19 Energie rinnovabili Le centrali di produzione dell’energia da fonti rinnovabili presentano spesso una accettabilità sociale maggiore e impatti ambientali molto ridotti, se si eccettua l’impatto visivo. Le emissioni di gas climalteranti da impianti a fonti rinnovabili sono pressoché nulle, anche se per una valutazione complessiva dei benefici ambientali non è sufficiente limitarsi al solo esercizio dell’impianto, ma occorre considerare l’intero ciclo di vita, valutando pertanto, attraverso procedure di Life Cycle Assessment (LCA, Analisi del Ciclo di Vita), l’energia e le risorse non rinnovabili spese nella costruzione, esercizio e dismissione dell’impianto.
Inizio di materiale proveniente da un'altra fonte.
Lemma integral_step c :
  (\int[nu]_x (step c x)%:E = (N%:R^-1 * \sum_(i < N) c i)%:E)%E.
Proof.
rewrite step_sum_indic integral_sum //; last first.
  by move=> i; apply: integrableZl => //; exact: integrable_indic (measurable_cell i).
rewrite mulr_sumr -sumEFin; apply: eq_bigr => i _.
rewrite integralZl //; last exact: integrable_indic (measurable_cell i).
rewrite integral_indic ?setIT //; last exact: measurable_cell.
by rewrite EFinM muleC; congr (_ * _)%E; exact: nu_cell.
Qed.

Lemma empirical_mean_error_le (f : T -> R) (K : R) :
  nu.-integrable setT (EFin \o f) ->
  (forall i x, A i x -> `|f x - f (X i)| <= K) ->
  `|\int[nu]_x f x - empirical_mean X f| <= K.
Proof.
move=> intf oscK; pose fX := step (f \o X).
have intfX := integrable_step (f \o X).
have -> : empirical_mean X f = \int[nu]_x fX x by rewrite /Rintegral integral_step.
have intd : nu.-integrable setT (EFin \o (fun x => f x - fX x)).
  rewrite (_ : _ \o _ = fun x => (EFin \o f) x - (EFin \o fX) x)%E //.
  exact: integrableB.
rewrite -RintegralB //; apply: le_trans (le_normr_Rintegral _ intd) _ => //.
apply: le_trans (@le_Rintegral _ _ _ nu setT _ (cst K) _ _ _ _) _ => //.
- rewrite (_ : _ \o _ = abse \o (EFin \o (fun x => f x - fX x))) //.
  exact: integrable_abse.
- exact: finite_measure_integrable_cst.
- by move=> x _; have [i Aix] := cell_cover x; rewrite /fX (stepE _ Aix); apply: oscK.
rewrite Rintegral_cst // [fine _](_ : _ = 1) ?mulr1 // (_ : _ setT = 1%E) //.
exact: probability_setT.
Qed.

Definition tag (x : T) : T := if [pick i | `[< A i x >]] is Some i then X i else x.

Lemma tagE i x : A i x -> tag x = X i.
Proof.
move=> Aix; rewrite /tag; case: pickP => [j /asboolP Ajx|/(_ i)].
  by rewrite (cell_uniq Ajx Aix).
by move/asboolP: Aix => ->.
Qed.

Let tag_in (B : set T) (i : 'I_N) : R := (X i \in B)%:R.

Let preimage_tag (B : set T) : tag @^-1` B = step (tag_in B) @^-1` [set 1].
Proof.
apply/seteqP; split => x /=; have [i Aix] := cell_cover x;
  rewrite (stepE _ Aix) (tagE Aix) /tag_in.
  by move=> Bx; rewrite mem_set.
by case: (boolP (X i \in B)) => [/set_mem //|_ /eqP]; rewrite eq_sym oner_eq0.
Qed.

Lemma measurable_preimage_tag (B : set T) : @measurable _ (borelT T) (tag @^-1` B).
Proof. by rewrite preimage_tag -[X in measurable X]setTI; exact: measurable_step. Qed.

Lemma measurable_tag : @measurable_fun _ _ (borelT T) (borelT T) setT tag.
Proof. by move=> _ B _; rewrite setTI; exact: measurable_preimage_tag. Qed.

Lemma nu_preimage_tag (B : set T) : nu (tag @^-1` B) = empirical X B.
Proof.
transitivity (\int[nu]_x (step (tag_in B) x)%:E)%E.
  transitivity (\int[nu]_x (\1_(tag @^-1` B) x)%:E)%E.
    by rewrite integral_indic ?setIT //; exact: measurable_preimage_tag.
  apply: eq_integral => x _; congr _%:E.
  have [i Aix] := cell_cover x; rewrite (stepE _ Aix) indicE /tag_in.
  by rewrite (_ : (x \in _) = (tag x \in B)) // (tagE Aix).
by rewrite integral_step EFinM -sumEFin /empirical.
Qed.

Definition tag_graph : set (borelT T * borelT T)%type :=
  \bigcup_i ([set X i] `*` A i).

Lemma measurable_tag_graph : measurable tag_graph.
Proof.
apply: countable_bigcupT_measurable => // i; apply: measurableX.
  exact: measurable_borel_set1.
exact: measurable_cell.
Qed.

Let tag_pair (x : borelT T) : (borelT T * borelT T)%type := (tag x, x).

Let measurable_tag_pair : measurable_fun setT tag_pair.
Proof. exact: measurable_fun_pair measurable_tag _. Qed.

HB.instance Definition _ := isMeasurableFun.Build _ _ _ _ tag_pair measurable_tag_pair.

Definition tag_coupling := distribution nu tag_pair.

Lemma coupling_tag_coupling : coupling (empirical X) nu tag_coupling.
Proof.
move=> B mB; split.
- rewrite -nu_preimage_tag; congr (nu _).
  by apply/seteqP; split => x /=; [case|].
- by congr (nu _); apply/seteqP; split => x /=; [case|].
Qed.

Lemma tag_coupling_cost_le :
  (\int[tag_coupling]_z (mdist z.1 z.2)%:E <= (C / N%:R)%:E)%E.
Proof.
apply: (ge0_integral_le_ae measurable_tag_graph).
- transitivity (nu (tag_pair @^-1` (~` tag_graph))); first by [].
  rewrite (_ : _ @^-1` _ = set0) ?measure0 //; apply/seteqP; split => x //=.
  have [i Aix] := cell_cover x.
  by apply; exists i => //; split => //=; rewrite (tagE Aix).
- by move=> z; rewrite lee_fin mdist_ge0.
- move=> z [i _ [/= -> Az2]]; rewrite lee_fin.
  exact: mdist_cell_le (cell_tag i) Az2.
Qed.

Lemma W1_empirical_le : (W1 (empirical X) nu <= (C / N%:R)%:E)%E.
Proof.
apply: ge_ereal_inf; exists (\int[tag_coupling]_z (mdist z.1 z.2)%:E)%E.
  by exists tag_coupling => //; exact: coupling_tag_coupling.
exact: tag_coupling_cost_le.
Qed.

End tagged_partition.

Lemma cvg_divr_natS {R : realType} (c : R) :
  (fun n : nat => c / n.+1%:R) @ \oo --> 0.
Proof. by rewrite -(mulr0 c); apply: cvgMr; exact: cvg_harmonic. Qed.

Lemma powR_div {R : realType} (x y a : R) : 0 <= x -> 0 <= y ->
  (x / y) `^ a = x `^ a / y `^ a.
Proof.
move=> x_ge0 y_ge0; rewrite powRM ?invr_ge0 //; congr (_ * _).
by rewrite -powR_inv1 // -powRAC powR_inv1 // powR_ge0.
Qed.

Lemma mdist_le_tagged_partition1 {R : realType} (T : completeMetricType R)
    (nu : probability (borelT T) R) (C : R) (A : 'I_1 -> set T) (X : 'I_1 -> T) :
  tagged_partition nu C A X -> forall y z : T, mdist y z <= C.
Proof.
move=> AX y z; have [i Ay] := cell_cover AX y; have [j Az] := cell_cover AX z.
by rewrite -(divr1 C) (mdist_cell_le AX Ay) // (ord1 i) -(ord1 j).
Qed.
20 Energie rinnovabili Anche i cosiddetti costi esterni della produzione di energia, ossia i costi che non sono computati nel costo di cessione del kWh elettrico, ma che sono relativi ad esempio ai danni prodotti dai cambiamenti climatici o ai danni alla salute umana dovuti all’inquinamento da combustione di prodotti fossili, e che sono pertanto sostenuti dall’intera collettività, vedono le fonti rinnovabili in posizione di assoluto vantaggio rispetto a quelle convenzionali. Da non trascurare, infine, i risvolti occupazionali: lo sviluppo delle fonti rinnovabili può contribuire allo sviluppo economico di un’area o di un paese, creando nuove possibilità di impiego e di investimenti in un settore caratterizzato da un rapido sviluppo. Il mercato delle fonti energetiche rinnovabili è in costante crescita: come si è detto, l’Unione Europea sulle fonti rinnovabili fissa l’obiettivo comunitario di una quota di fonti rinnovabili pari al 20% entro il 2020.